The blog has great pleasure in sharing Totty’s story with you and apologises (if you noticed, that it made an aborted launch yesterday before it was truly ready!)

Design inspiration for Pomegranate design
“When I first opened my container shop in Cumbria in 2016, my vision was to create a constantly evolving set of rooms – for a month it might be a sitting room, another a bedroom and so on. I was always repainting the walls and wanted to go a step further and make the sets even more theatrical.”
Sensorama
“I started looking around for inspiration for wallpaper and decided to create my own as that way I had complete control of my installations. Having worked as a set decorator on films, I instinctively feel the need to create a ‘sensorama’ and living art so that the walls are just as much a part of the lifestyle as everything else in the room. I use scent too – incense or candles to enhance the mood and character of the atmosphere I’m creating.”

18th Century Indigo Indienne block print
The design inspiration for Pomegranate came from an original 18th Century Indigo Indienne block print printed on linen that Totty found at a textile dealer.

Using all the senses in interior decorating
Totty realised that using all the senses to create an interior world was so important for her designs.
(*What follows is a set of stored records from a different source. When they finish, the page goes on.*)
Lemma q_zero_order l : (l < n)%N ->
  zero_order a b (q l) a l /\ zero_order a b (q l) b (n.-1 - l).
Proof. by move=> /ltn_pred /q_basis[]. Qed.

Definition c_coef k := nd k (p k) a / (f0 a * nd k.-1 (q k.-1) a).
Definition d_coef k := nd (n - k) (p k) b / (f0 b * nd (n.-1 - k) (q k) b).

Lemma c_coef_neq0 k : (0 < k <= n)%N -> c_coef k != 0.
Proof.
case/andP=> k0 kn; have k1n : (k.-1 < n)%N by rewrite prednK.
have [[_ qk] _] := q_zero_order k1n; have [_ [[_ pk] _]] := p_basis kn.
by rewrite mulf_neq0 ?invr_eq0 ?mulf_neq0 ?f0_neq0.
Qed.

Lemma nderiv_Dp_f0_a_eq0 k j : (k <= n)%N -> (j.+1 < k)%N -> nd j (Dp_f0 k) a = 0.
Proof.
move=> kn jk; have [_ [[pa _] _]] := p_basis kn.
by rewrite -nderivSr; apply: (nderivM_vanishing ab (Cm_p kn) Cm_inv_f0 kn aI pa).1.
Qed.

Lemma nderiv_Dp_f0_a k : (0 < k <= n)%N -> nd k.-1 (Dp_f0 k) a = nd k (p k) a / f0 a.
Proof.
case/andP=> k0 kn; have [_ [[pa _] _]] := p_basis kn.
by rewrite -nderivSr prednK //; apply: (nderivM_vanishing ab (Cm_p kn) Cm_inv_f0 kn aI pa).2.
Qed.

Lemma nderiv_Dp_f0_b_eq0 k j : (k <= n)%N -> (j.+1 < n - k)%N -> nd j (Dp_f0 k) b = 0.
Proof.
move=> kn jk; have [_ [_ [pb _]]] := p_basis kn.
rewrite -nderivSr.
by apply: (nderivM_vanishing ab (Cm_p kn) Cm_inv_f0 (leq_subr k n) bI pb).1.
Qed.

Lemma nderiv_Dp_f0_b k : (k < n)%N ->
  nd (n.-1 - k) (Dp_f0 k) b = nd (n - k) (p k) b / f0 b.
Proof.
move=> kn; have [_ [_ [pb _]]] := p_basis (ltnW kn).
rewrite -nderivSr -subSn ?ltn_pred // n_eq.
exact: (nderivM_vanishing ab (Cm_p (ltnW kn)) Cm_inv_f0 (leq_subr k n) bI pb).2.
Qed.

Section Coefficients.
Variable alpha : nat -> C.
Hypothesis f0_alpha : eq_on f0 (fun y => \sum_(k < n.+1) alpha k * p k y).

Lemma alpha0E : alpha 0%N = f0 a / p 0%N a.
Proof.
have [_ [[_ pa0] _]] := p_basis (leq0n n).
rewrite (f0_alpha aI) big_ord_recl big1 ?addr0 ?mulfK // => k _.
by have [_ [[pka _] _]] := p_basis (ltn_ord k); rewrite (pka 0%N isT : p _ a = 0) mulr0.
Qed.

Lemma alpha0_neq0 : alpha 0%N != 0.
Proof.
have [_ [[_ pa0] _]] := p_basis (leq0n n).
by rewrite alpha0E mulf_neq0 ?invr_eq0 ?f0_neq0.
Qed.

Lemma Dp_f0_relation x : I x -> \sum_(k < n.+1) alpha k * Dp_f0 k x = 0.
Proof.
move=> xI; rewrite -dwithin_sum_p_f0 // -(eq_on_dwithin (eq_on_div_f0 f0_alpha) xI).
have f0f0 : eq_on (fun y => f0 y / f0 y) (fun _ => 1) by move=> y yI; rewrite divff ?f0_neq0.
by rewrite (eq_on_dwithin f0f0 xI); apply/(dwithinE ab xI)/is_deriv_within_cst.
Qed.

Lemma Dp_f0_0_in_span : in_span n (fun j => Dp_f0 j.+1) (Dp_f0 0).
Proof.
exists (fun j => - alpha j.+1 / alpha 0%N) => x xI; have a0 := alpha0_neq0.
move/eqP: (Dp_f0_relation xI); rewrite big_ord_recl /= addrC addr_eq0 => /eqP rel.
transitivity (- (\sum_(j < n) alpha j.+1 * Dp_f0 j.+1 x) / alpha 0%N).
  by rewrite rel opprK mulrC mulKf.
by rewrite -sumrN big_distrl; apply: eq_bigr => j _ /=; rewrite !mulNr mulrAC.
Qed.

Lemma Dp_f0_in_span_shift k : (k <= n)%N -> in_span n (fun j => Dp_f0 j.+1) (Dp_f0 k).
Proof. by case: k => [_|k kn]; [apply: Dp_f0_0_in_span | apply: in_span_self]. Qed.

Lemma Dp_f0_in_span_q k : (k <= n)%N -> in_span n q (Dp_f0 k).
Proof.
move=> kn; apply: (in_span_trans (Dp_f0_in_span_shift kn)) => j jn.
apply: (in_span_swap (w := fun j => Dp_f0 j.+1) q_free _ jn) => l ln.
by apply: in_span_trans (q_in_span ln) _ => i; apply: Dp_f0_in_span_shift.
Qed.

Section Decomposition.
Variable Lam : nat -> nat -> C.
Hypothesis Dp_f0_Lam : forall k, (k < n.+1)%N ->
  eq_on (Dp_f0 k) (fun y => \sum_(l < n) Lam k l * q l y).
This defining moment came when she visited the Huguenot 18th Century Dennis Severs House in Spitalfields when she was at St Martin’s School of Art studying textiles. “It was so historically authentic, with no electricity, vast swathes of lavender round the edges of the rooms, beeswax candlelight, the smells of tobacco and roasting beef, the sounds of horses and carriages on cobbles outside.”
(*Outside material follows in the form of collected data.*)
(* Let $g\in\mathcal{H}(\mathbb{D})$ be zero-free, let $h$ be a branch of the logarithm of $g$, and for $\beta\in\mathbb{R}$ set $g^\beta:=e^{\beta h}$. Then for every $\beta\in\mathbb{R}$ and every $\varepsilon\in\mathbb{R}\setminus\{1\}$, \[ S_{g^\beta}T_{g^\beta}^2=\frac{(2\beta-1)\beta}{1-\varepsilon}\,T_gT_{g^{1-\varepsilon}}M_{g^{2\beta-2+\varepsilon}}T_{g^\beta}+\frac{\beta^2}{1-\varepsilon}\,T_gT_{g^{1-\varepsilon}}M_{g^{3\beta-2+\varepsilon}} \] as operators on $\mathcal{H}(\mathbb{D})$.
   Context: $\mathcal{H}(\mathbb{D})$ is the space of analytic functions on the unit disc. For analytic $u$: $M_uf=uf$, $T_uf(z)=\int_0^zf(\zeta)u'(\zeta)\,d\zeta$, $S_uf(z)=\int_0^zf'(\zeta)u(\zeta)\,d\zeta$. *)

From Stdlib Require Import Reals ClassicalEpsilon.
From Coquelicot Require Import Coquelicot.
Open Scope R_scope.

Definition inD (z : C) : Prop := Cmod z < 1.

Definition Cderivable (f : C -> C) (z : C) : Prop :=
  exists l : C, @is_derive C_AbsRing C_NormedModule f z l.

Definition holoD (f : C -> C) : Prop := forall z, inD z -> Cderivable f z.

(* the complex derivative f'(z) (meaningful where f is differentiable) *)
Definition Cderiv (f : C -> C) (z : C) : C :=
  epsilon (inhabits (RtoC 0))
    (fun l : C => @is_derive C_AbsRing C_NormedModule f z l).

Definition Cexp (z : C) : C :=
  (exp (fst z) * cos (snd z), exp (fst z) * sin (snd z)).

(* integral from 0 to z along the segment [0,z]: zeta = t z, d zeta = z dt *)
Definition cint0 (F : C -> C) (z : C) : C :=
  Cmult z (@RInt C_R_CompleteNormedModule (fun t : R => F (Cmult (RtoC t) z)) 0 1).

Definition Mop (u f : C -> C) : C -> C := fun z => Cmult (u z) (f z).
Definition Top (u f : C -> C) : C -> C :=
  fun z => cint0 (fun w => Cmult (f w) (Cderiv u w)) z.
Definition Sop (u f : C -> C) : C -> C :=
  fun z => cint0 (fun w => Cmult (Cderiv f w) (u w)) z.

Definition cpow (h : C -> C) (beta : R) : C -> C :=
  fun z => Cexp (Cmult (RtoC beta) (h z)).

(* Both sides vanish at 0, so it suffices to compare derivatives. With u = g^beta,
   (S_u T_u^2 f)' = (T_u f) u' u = beta h' g^(2 beta) T_u f, whereas the derivative of the
   right-hand side is g' = h' g times
     c1 T_{g^(1-eps)} M_{g^(2 beta-2+eps)} T_u f + c2 T_{g^(1-eps)} M_{g^(3 beta-2+eps)} f,
   and this combination equals beta g^(2 beta-1) T_u f: both sides vanish at 0 and their
   derivatives agree because c1 (1 - eps) = (2 beta - 1) beta and c2 (1 - eps) = beta^2.

   Differentiating z |-> int_0^z F along the segment [0, z] requires F holomorphic, and
   Goursat's theorem provides the primitive. As the integrands f u' involve derivatives,
   one also needs that F' is holomorphic with F; this follows from a Cauchy integral
   formula over a small triangle, differentiated under the integral sign. *)

From Stdlib Require Import Reals Lra Lia ClassicalEpsilon.
From Coquelicot Require Import Coquelicot.
Open Scope R_scope.

Lemma is_derive_eps_delta {K : AbsRing} {V : NormedModule K} (f : K -> V) x l :
  is_derive f x l <->
  (forall eps, 0 < eps -> exists del, 0 < del /\ forall y,
     norm (minus y x) < del ->
     norm (minus (minus (f y) (f x)) (scal (minus y x) l)) <= eps * norm (minus y x)).
Proof.
  split.
  - intros [_ H] eps Heps.
    destruct (H x (fun P HP => HP) (mkposreal eps Heps)) as [del Hd].
    exists del; split; [apply cond_pos|].
    intros y Hy. apply Hd. exact (norm_compat1 (V := AbsRing_NormedModule K) x y del Hy).
  - intros H. split; [apply is_linear_scal_l|].
    intros x0 Hx0.
    apply (is_filter_lim_locally_unique (V := AbsRing_NormedModule K)) in Hx0. subst x0.
    intros eps. destruct (H eps (cond_pos eps)) as [del [Hd H']].
    set (nf := norm_factor (V := AbsRing_NormedModule K)).
    assert (Hnf : 0 < nf) by apply norm_factor_gt_0.
    exists (mkposreal (del / nf) (Rdiv_lt_0_compat _ _ Hd Hnf)). intros y Hy.
    apply H'. apply (norm_compat2 (V := AbsRing_NormedModule K)) in Hy. simpl in Hy.
    replace del with (nf * (del / nf)) by (field; lra). exact Hy.
Qed.

Lemma derivable_pt_lim_eps_delta f x l : derivable_pt_lim f x l ->
  forall eps, 0 < eps -> exists del, 0 < del /\ forall h, Rabs h < del ->
    Rabs (f (x + h) - f x - l * h) <= eps * Rabs h.
Proof.
  intros H eps Heps. destruct (H eps Heps) as [d Hd].
  exists d. split; [apply cond_pos|]. intros h Hh.
  destruct (Req_dec h 0) as [->|Hn].
  - rewrite Rplus_0_r, Rabs_R0. replace (f x - f x - l * 0) with 0 by ring.
    rewrite Rabs_R0. lra.
  - replace (f (x + h) - f x - l * h) with (((f (x + h) - f x) / h - l) * h)
      by (field; auto).
    rewrite Rabs_mult. apply Rmult_le_compat_r; [apply Rabs_pos|].
    specialize (Hd h Hn Hh). lra.
Qed.

Lemma half_pow_pos n : 0 < (/2) ^ n.
Proof. apply pow_lt. lra. Qed.

Lemma half_pow_le n m : (n <= m)%nat -> (/2) ^ m <= (/2) ^ n.
Proof. intros H. induction H; [lra|]. simpl. pose proof (half_pow_pos m). lra. Qed.

Lemma half_pow_lt eps : 0 < eps -> exists n, (/2) ^ n < eps.
Proof.
  intros H. destruct (pow_lt_1_zero (/2) ltac:(rewrite Rabs_right; lra) eps H) as [N HN].
  exists N. specialize (HN N (le_n N)).
  rewrite Rabs_right in HN; [exact HN | apply Rle_ge, pow_le; lra].
Qed.

Lemma le_0_of_le_half_pow c : (forall n, c <= (/2) ^ n) -> c <= 0.
Proof.
  intros H. apply Rle_plus_epsilon. intros eps Heps.
  destruct (half_pow_lt eps Heps) as [n Hn]. specialize (H n). lra.
Qed.

Lemma half_pow_cauchy_limit (x : nat -> R) :
  (forall n m, (n <= m)%nat -> Rabs (x m - x n) <= (/2) ^ n) ->
  exists l, forall n, Rabs (l - x n) <= (/2) ^ n.
Proof.
  intros H.
  assert (Hc : Cauchy_crit x).
  { intros eps Heps. destruct (half_pow_lt eps Heps) as [N HN]. exists N.
    intros n m Hn Hm. unfold Rdist.
    destruct (Nat.le_ge_cases n m) as [E|E].
    - rewrite Rabs_minus_sym. eapply Rle_lt_trans; [apply (H n m E)|].
      eapply Rle_lt_trans; [apply half_pow_le; exact Hn | exact HN].
    - eapply Rle_lt_trans; [apply (H m n E)|].
      eapply Rle_lt_trans; [apply half_pow_le; exact Hm | exact HN]. }
  destruct (Rcomplete.R_complete x Hc) as [l Hl]. exists l. intros n.
  apply Rle_plus_epsilon. intros eps Heps. destruct (Hl eps Heps) as [N HN].
  specialize (HN (Nat.max n N) ltac:(lia)). specialize (H n (Nat.max n N) ltac:(lia)).
  unfold Rdist in HN.
  replace (l - x n) with ((x (Nat.max n N) - x n) - (x (Nat.max n N) - l)) by ring.
  eapply Rle_trans; [apply Rabs_triang|]. rewrite Rabs_Ropp. lra.
Qed.

Lemma le_0_of_le_eps_mult x K : 0 <= K -> (forall eps, 0 < eps -> x <= eps * K) -> x <= 0.
Proof.
  intros HK H. apply Rle_plus_epsilon. intros e He.
  apply Rle_trans with (e / (K + 1) * K); [apply H; apply Rdiv_lt_0_compat; lra|].
  apply Rle_trans with (e / (K + 1) * (K + 1)); [apply Rmult_le_compat_l; [|lra]|].
  - apply Rlt_le, Rdiv_lt_0_compat; lra.
  - right. field. lra.
Qed.

Open Scope C_scope.

(** * Complex derivatives *)

Definition is_Cderive (F : C -> C) (z l : C) : Prop :=
  forall eps, (0 < eps)%R -> exists del, (0 < del)%R /\ forall w,
    (Cmod (w - z) < del)%R -> (Cmod (F w - F z - (w - z) * l) <= eps * Cmod (w - z))%R.

Lemma is_derive_Cderive F z l :
  @is_derive C_AbsRing C_NormedModule F z l <-> is_Cderive F z l.
Proof. exact (is_derive_eps_delta F z l). Qed.

Lemma is_Cderive_const c z : is_Cderive (fun _ => c) z 0.
Proof.
  intros eps Heps. exists 1%R. split; [lra|]. intros w _.
  replace (c - c - (w - z) * 0) with (RtoC 0) by ring. rewrite Cmod_0.
  apply Rmult_le_pos; [lra | apply Cmod_ge_0].
Qed.

Lemma is_Cderive_id z : is_Cderive (fun w => w) z 1.
Proof.
  intros eps Heps. exists 1%R. split; [lra|]. intros w _.
  replace (w - z - (w - z) * 1) with (RtoC 0) by ring. rewrite Cmod_0.
  apply Rmult_le_pos; [lra | apply Cmod_ge_0].
Qed.

Lemma is_Cderive_plus F G z a b :
  is_Cderive F z a -> is_Cderive G z b -> is_Cderive (fun w => F w + G w) z (a + b).
Proof.
  rewrite <- !is_derive_Cderive.
  exact (is_derive_plus (K := C_AbsRing) (V := C_NormedModule) F G z a b).
Qed.

Lemma is_Cderive_minus F G z a b :
  is_Cderive F z a -> is_Cderive G z b -> is_Cderive (fun w => F w - G w) z (a - b).
Proof.
  rewrite <- !is_derive_Cderive.
  exact (is_derive_minus (K := C_AbsRing) (V := C_NormedModule) F G z a b).
Qed.

Lemma is_Cderive_mult F G z a b :
  is_Cderive F z a -> is_Cderive G z b ->
  is_Cderive (fun w => F w * G w) z (a * G z + F z * b).
Proof.
  intros Ha Hb.
  pose (equiv := @is_derive_eps_delta C_AbsRing (AbsRing_NormedModule C_AbsRing)).
  exact (proj1 (equiv (fun w => F w * G w) z _)
    (is_derive_mult F G z a b (proj2 (equiv F z a) Ha) (proj2 (equiv G z b) Hb) Cmult_comm)).
Qed.

Lemma is_Cderive_comp F G z a b :
  is_Cderive F (G z) a -> is_Cderive G z b -> is_Cderive (fun w => F (G w)) z (b * a).
Proof.
  intros Ha Hb. apply is_derive_Cderive. apply is_derive_Cderive in Ha.
  exact (is_derive_comp (V := C_NormedModule) F G z a b Ha
    (proj2 (@is_derive_eps_delta C_AbsRing (AbsRing_NormedModule C_AbsRing) G z b) Hb)).
Qed.

Lemma is_Cderive_ext F G z l :
  (forall w, F w = G w) -> is_Cderive F z l -> is_Cderive G z l.
Proof.
  intros E H eps Heps. destruct (H eps Heps) as [d [Hd H']].
  exists d; split; auto. intros w Hw. rewrite <- !E. auto.
Qed.

Lemma is_Cderive_ext_loc F G z l :
  (exists del, (0 < del)%R /\ forall w, (Cmod (w - z) < del)%R -> F w = G w) ->
  is_Cderive F z l -> is_Cderive G z l.
Proof.
  intros [d0 [Hd0 E]] H eps Heps. destruct (H eps Heps) as [d [Hd H']].
  exists (Rmin d d0); split; [apply Rmin_pos; auto|].
  assert (Ez : F z = G z) by (apply E; unfold Cminus; rewrite Cplus_opp_r, Cmod_0; lra).
  intros w Hw. rewrite <- Ez, <- E.
  - apply H'. eapply Rlt_le_trans; [exact Hw | apply Rmin_l].
  - eapply Rlt_le_trans; [exact Hw | apply Rmin_r].
Qed.

Lemma is_Cderive_eq F z l l' : is_Cderive F z l -> l = l' -> is_Cderive F z l'.
Proof. intros H <-. exact H. Qed.

Lemma is_Cderive_scal c F z a :
  is_Cderive F z a -> is_Cderive (fun w => c * F w) z (c * a).
Proof.
  intros H. apply (is_Cderive_eq _ _ (0 * F z + c * a)); [|ring].
  apply (is_Cderive_mult (fun _ => c)); [apply is_Cderive_const | exact H].
Qed.

Lemma Cmod_minus_sym (a b : C) : Cmod (a - b) = Cmod (b - a).
Proof. replace (a - b) with (- (b - a)) by ring. apply Cmod_opp. Qed.

Lemma Cmod_minus_eq_0 (w z : C) : Cmod (w - z) = 0%R -> w = z.
Proof.
  intros E. apply Cmod_eq_0 in E. replace w with ((w - z) + z) by ring. rewrite E. ring.
Qed.

Lemma is_Cderive_unique F z l1 l2 : is_Cderive F z l1 -> is_Cderive F z l2 -> l1 = l2.
Proof.
  intros H1 H2. apply Cmod_minus_eq_0.
  apply Rle_antisym; [| apply Cmod_ge_0]. apply Rnot_lt_le. intro Hpos.
  set (e := (Cmod (l1 - l2) / 4)%R).
  destruct (H1 e ltac:(unfold e; lra)) as [d1 [Hd1 K1]].
  destruct (H2 e ltac:(unfold e; lra)) as [d2 [Hd2 K2]].
  set (h := (Rmin d1 d2 / 2)%R).
  assert (Hh : (0 < h)%R) by (unfold h; pose proof (Rmin_pos _ _ Hd1 Hd2); lra).
  assert (Ew : Cmod (z + RtoC h - z) = h).
  { replace (z + RtoC h - z) with (RtoC h) by ring. rewrite Cmod_R. apply Rabs_right; lra. }
  specialize (K1 (z + RtoC h)). specialize (K2 (z + RtoC h)). rewrite Ew in K1, K2.
  specialize (K1 ltac:(unfold h; pose proof (Rmin_l d1 d2); lra)).
  specialize (K2 ltac:(unfold h; pose proof (Rmin_r d1 d2); lra)).
  assert (T : (Cmod ((z + RtoC h - z) * (l1 - l2)) <= e * h + e * h)%R).
  { set (w := z + RtoC h) in *.
    replace ((w - z) * (l1 - l2))
      with (- (F w - F z - (w - z) * l1) + (F w - F z - (w - z) * l2)) by ring.
    eapply Rle_trans; [apply Cmod_triangle|]. rewrite Cmod_opp. lra. }
  rewrite Cmod_mult, Ew in T. unfold e in T. nra.
Qed.

Lemma Cderiv_correct F z : Cderivable F z -> is_Cderive F z (Cderiv F z).
Proof. intros H. apply is_derive_Cderive. unfold Cderiv. apply epsilon_spec. exact H. Qed.

Lemma is_Cderive_Cderiv F z l : is_Cderive F z l -> Cderiv F z = l.
Proof.
  intros H. apply (is_Cderive_unique F z); [|exact H].
  apply Cderiv_correct. exists l. apply is_derive_Cderive. exact H.
Qed.

Lemma is_Cderive_Cinv (z : C) : z <> 0 -> is_Cderive (fun w => / w) z (- / (z * z)).
Proof.
  intros Hz eps Heps.
  assert (Hm : (0 < Cmod z)%R) by (apply Cmod_gt_0; exact Hz).
  assert (Hm3 : (0 < eps * (Cmod z * Cmod z * Cmod z) / 2)%R).
  { apply Rdiv_lt_0_compat; [|lra]. repeat apply Rmult_lt_0_compat; auto. }
  exists (Rmin (Cmod z / 2) (eps * (Cmod z * Cmod z * Cmod z) / 2)).
  split; [apply Rmin_pos; lra|]. intros w Hw.
  pose proof (Rmin_l (Cmod z / 2) (eps * (Cmod z * Cmod z * Cmod z) / 2)).
  pose proof (Rmin_r (Cmod z / 2) (eps * (Cmod z * Cmod z * Cmod z) / 2)).
  assert (Hwm : (Cmod z / 2 <= Cmod w)%R).
  { assert (T := Cmod_triangle (z - w) w). replace (z - w + w) with z in T by ring.
    rewrite Cmod_minus_sym in T. lra. }
  assert (Hw0 : w <> 0) by (intro E; rewrite E, Cmod_0 in Hwm; lra).
  replace (/ w - / z - (w - z) * - / (z * z)) with ((w - z) * (w - z) / (w * (z * z)))
    by (field; auto).
  rewrite Cmod_div, !Cmod_mult by (repeat apply Cmult_neq_0; auto).
  assert (Hwz := Cmod_ge_0 (w - z)).
  assert (Hden : (0 < Cmod w * (Cmod z * Cmod z))%R) by (apply Rmult_lt_0_compat; nra).
  apply (Rmult_le_reg_r _ _ _ Hden). unfold Rdiv.
  rewrite Rmult_assoc, Rinv_l, Rmult_1_r by lra.
  assert (eps * Cmod (w - z) * (Cmod z / 2 * (Cmod z * Cmod z))
          <= eps * Cmod (w - z) * (Cmod w * (Cmod z * Cmod z)))%R.
  { apply Rmult_le_compat_l; [nra|]. apply Rmult_le_compat_r; nra. }
  nra.
Qed.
Another inspiring house for Totty is Dove Cottage at Grassmere near where she lives in the Lake District. “This is where Thomas de Quincy took a lot of drugs and Dorothy and William Wordsworth did all their ‘plain living and high thinking’. The house is just as they left it, the fire is still burning and you can almost smell Thomas’ opium.”
I hate beige
I wondered what colours and styles inspire Totty: “I am drawn to colour and anything untidy. I don’t want to be safe or beige – I hate anything oat, or neutral or that matches. I adore piles of clothes, layer upon layer of textiles, painting any old how – stacked, on the wall, off the wall, on the floor, overflowing heaps of books and magazines, vast installations of wild flowers like cow parsley, blossom, magnolia branches and budding beech that remind me of a secret garden bower, bright clashing colours, decorative objects thrown together, a splash of gaudy glitter.”
Installation interior shop in a shipping container
I can’t wait to visit Totty in her container shop but wondered what customers could expect to find when they visit: “It can be quite cold – temperature wise! I create my rooms to make my customers feel they are guests at my house. Sometimes I’ll create a bedroom and you may find me in bed, receiving. Sometimes I’ll present them with a gallery, with local print-makers and painters hung on citrine walls.” Proof, that retail just needs a bit of creative imagination …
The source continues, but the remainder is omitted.